──────── Stored data

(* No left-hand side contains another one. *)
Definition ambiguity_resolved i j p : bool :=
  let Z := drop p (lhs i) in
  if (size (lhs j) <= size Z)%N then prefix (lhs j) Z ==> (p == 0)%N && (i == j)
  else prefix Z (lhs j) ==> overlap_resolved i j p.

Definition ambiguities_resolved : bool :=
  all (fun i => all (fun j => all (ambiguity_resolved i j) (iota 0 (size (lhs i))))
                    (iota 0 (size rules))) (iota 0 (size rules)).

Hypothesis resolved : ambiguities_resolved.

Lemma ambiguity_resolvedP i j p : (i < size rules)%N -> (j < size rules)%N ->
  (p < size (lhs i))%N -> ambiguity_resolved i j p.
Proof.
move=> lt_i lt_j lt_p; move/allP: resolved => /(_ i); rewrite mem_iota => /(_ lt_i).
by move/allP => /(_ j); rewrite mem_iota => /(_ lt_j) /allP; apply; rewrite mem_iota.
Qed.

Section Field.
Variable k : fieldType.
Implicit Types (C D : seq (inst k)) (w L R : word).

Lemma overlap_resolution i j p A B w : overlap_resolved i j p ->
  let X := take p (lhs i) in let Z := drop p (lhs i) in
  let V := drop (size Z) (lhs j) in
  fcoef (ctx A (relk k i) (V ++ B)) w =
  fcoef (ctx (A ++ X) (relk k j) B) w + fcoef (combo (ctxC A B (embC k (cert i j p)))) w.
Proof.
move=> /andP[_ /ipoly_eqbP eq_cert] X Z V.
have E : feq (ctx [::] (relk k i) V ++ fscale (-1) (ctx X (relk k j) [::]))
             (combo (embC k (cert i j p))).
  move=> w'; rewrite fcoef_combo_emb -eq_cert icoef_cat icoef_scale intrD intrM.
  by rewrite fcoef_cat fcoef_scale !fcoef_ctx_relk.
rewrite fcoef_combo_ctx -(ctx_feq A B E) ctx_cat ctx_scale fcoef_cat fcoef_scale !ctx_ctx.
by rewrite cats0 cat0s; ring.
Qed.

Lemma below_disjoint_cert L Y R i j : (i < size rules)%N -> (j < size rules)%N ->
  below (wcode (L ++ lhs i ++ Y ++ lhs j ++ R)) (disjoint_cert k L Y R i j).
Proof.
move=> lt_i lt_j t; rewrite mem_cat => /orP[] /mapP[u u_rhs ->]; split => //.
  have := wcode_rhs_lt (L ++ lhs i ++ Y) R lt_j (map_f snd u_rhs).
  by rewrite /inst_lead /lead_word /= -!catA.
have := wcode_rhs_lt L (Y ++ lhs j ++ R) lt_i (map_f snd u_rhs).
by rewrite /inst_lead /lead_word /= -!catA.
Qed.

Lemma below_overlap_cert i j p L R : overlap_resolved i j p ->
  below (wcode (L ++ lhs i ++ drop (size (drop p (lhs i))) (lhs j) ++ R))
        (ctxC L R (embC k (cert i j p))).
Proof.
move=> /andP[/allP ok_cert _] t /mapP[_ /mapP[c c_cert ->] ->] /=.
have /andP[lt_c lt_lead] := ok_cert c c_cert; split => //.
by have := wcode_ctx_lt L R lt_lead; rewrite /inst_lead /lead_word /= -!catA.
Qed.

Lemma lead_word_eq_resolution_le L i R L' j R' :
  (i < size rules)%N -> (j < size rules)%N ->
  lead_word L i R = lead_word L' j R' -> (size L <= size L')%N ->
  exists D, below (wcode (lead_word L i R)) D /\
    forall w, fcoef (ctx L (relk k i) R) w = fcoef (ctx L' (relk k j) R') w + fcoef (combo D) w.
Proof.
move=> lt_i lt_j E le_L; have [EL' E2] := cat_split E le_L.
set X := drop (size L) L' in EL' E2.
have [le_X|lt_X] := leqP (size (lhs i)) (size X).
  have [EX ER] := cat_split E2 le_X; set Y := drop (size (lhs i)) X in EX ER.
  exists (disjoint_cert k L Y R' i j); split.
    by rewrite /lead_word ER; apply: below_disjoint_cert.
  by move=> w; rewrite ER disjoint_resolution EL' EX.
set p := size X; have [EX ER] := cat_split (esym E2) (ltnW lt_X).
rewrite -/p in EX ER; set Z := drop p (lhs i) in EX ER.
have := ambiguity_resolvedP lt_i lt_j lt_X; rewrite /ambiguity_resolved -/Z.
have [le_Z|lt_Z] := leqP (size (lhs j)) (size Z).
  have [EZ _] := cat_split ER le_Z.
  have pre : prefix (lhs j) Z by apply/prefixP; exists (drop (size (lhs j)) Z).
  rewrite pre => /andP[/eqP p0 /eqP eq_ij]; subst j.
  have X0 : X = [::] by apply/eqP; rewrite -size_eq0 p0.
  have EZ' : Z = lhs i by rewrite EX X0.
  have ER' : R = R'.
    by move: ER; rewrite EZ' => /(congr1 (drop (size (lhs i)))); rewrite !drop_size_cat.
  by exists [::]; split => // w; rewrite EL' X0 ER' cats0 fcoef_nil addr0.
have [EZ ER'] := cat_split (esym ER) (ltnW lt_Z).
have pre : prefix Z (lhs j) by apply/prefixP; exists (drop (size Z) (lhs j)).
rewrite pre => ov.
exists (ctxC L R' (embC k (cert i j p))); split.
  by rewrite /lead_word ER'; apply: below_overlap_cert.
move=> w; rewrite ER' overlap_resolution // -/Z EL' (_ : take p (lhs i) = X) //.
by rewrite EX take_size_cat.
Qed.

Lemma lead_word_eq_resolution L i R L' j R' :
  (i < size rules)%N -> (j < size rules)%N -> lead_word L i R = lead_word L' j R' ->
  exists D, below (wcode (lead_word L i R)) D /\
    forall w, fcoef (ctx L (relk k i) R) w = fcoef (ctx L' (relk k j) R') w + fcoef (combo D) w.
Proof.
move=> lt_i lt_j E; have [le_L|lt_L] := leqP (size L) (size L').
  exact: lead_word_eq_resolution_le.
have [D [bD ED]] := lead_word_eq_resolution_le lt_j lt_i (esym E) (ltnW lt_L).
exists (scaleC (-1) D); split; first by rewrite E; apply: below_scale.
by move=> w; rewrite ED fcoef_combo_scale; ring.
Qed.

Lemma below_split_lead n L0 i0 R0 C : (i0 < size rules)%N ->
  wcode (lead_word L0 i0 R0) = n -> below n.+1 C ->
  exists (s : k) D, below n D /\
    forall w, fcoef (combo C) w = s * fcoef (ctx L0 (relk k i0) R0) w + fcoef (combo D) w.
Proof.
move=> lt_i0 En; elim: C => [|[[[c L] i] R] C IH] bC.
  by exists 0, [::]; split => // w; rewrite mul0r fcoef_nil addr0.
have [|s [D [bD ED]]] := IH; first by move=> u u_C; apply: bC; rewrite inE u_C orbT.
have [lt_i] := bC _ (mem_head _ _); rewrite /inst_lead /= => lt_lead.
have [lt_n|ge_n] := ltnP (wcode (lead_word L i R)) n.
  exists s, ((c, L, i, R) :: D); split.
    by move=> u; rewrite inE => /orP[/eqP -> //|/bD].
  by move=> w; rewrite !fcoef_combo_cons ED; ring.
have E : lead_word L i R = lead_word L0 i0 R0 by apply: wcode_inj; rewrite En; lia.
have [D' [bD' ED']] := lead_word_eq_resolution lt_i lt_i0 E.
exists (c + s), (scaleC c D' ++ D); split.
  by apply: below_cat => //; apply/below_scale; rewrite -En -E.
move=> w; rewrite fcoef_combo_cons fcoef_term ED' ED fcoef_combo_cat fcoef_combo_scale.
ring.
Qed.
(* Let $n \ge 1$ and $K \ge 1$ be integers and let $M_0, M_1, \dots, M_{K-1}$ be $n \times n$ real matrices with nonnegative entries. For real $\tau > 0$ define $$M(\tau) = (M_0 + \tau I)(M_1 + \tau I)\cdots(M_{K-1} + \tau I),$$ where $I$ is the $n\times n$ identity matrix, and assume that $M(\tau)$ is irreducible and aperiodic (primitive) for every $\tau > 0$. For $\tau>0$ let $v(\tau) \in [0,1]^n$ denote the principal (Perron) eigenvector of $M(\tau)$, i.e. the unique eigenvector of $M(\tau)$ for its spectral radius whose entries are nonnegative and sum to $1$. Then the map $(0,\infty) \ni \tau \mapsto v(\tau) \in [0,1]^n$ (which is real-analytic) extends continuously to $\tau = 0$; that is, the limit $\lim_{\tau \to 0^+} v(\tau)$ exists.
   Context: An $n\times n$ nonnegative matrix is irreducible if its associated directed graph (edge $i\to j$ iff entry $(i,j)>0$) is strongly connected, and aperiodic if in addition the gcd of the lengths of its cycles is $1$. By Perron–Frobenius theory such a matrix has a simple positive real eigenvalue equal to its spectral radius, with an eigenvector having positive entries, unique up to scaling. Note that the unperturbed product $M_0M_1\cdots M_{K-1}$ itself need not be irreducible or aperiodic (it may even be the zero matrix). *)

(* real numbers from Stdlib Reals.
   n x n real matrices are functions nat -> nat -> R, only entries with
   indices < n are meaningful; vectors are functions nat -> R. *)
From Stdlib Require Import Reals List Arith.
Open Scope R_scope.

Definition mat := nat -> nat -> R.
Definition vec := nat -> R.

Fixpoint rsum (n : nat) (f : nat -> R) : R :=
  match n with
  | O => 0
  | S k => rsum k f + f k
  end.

────────────────

■ Exercise description
Each line from the one with "(* real numbers from Stdlib Reals." through the end of the entries above must be set down exactly, both end lines included, and no other line may appear.

■ Result for this exercise
(* real numbers from Stdlib Reals.
   n x n real matrices are functions nat -> nat -> R, only entries with
   indices < n are meaningful; vectors are functions nat -> R. *)
From Stdlib Require Import Reals List Arith.
Open Scope R_scope.

Definition mat := nat -> nat -> R.
Definition vec := nat -> R.

Fixpoint rsum (n : nat) (f : nat -> R) : R :=
  match n with
  | O => 0
  | S k => rsum k f + f k
  end.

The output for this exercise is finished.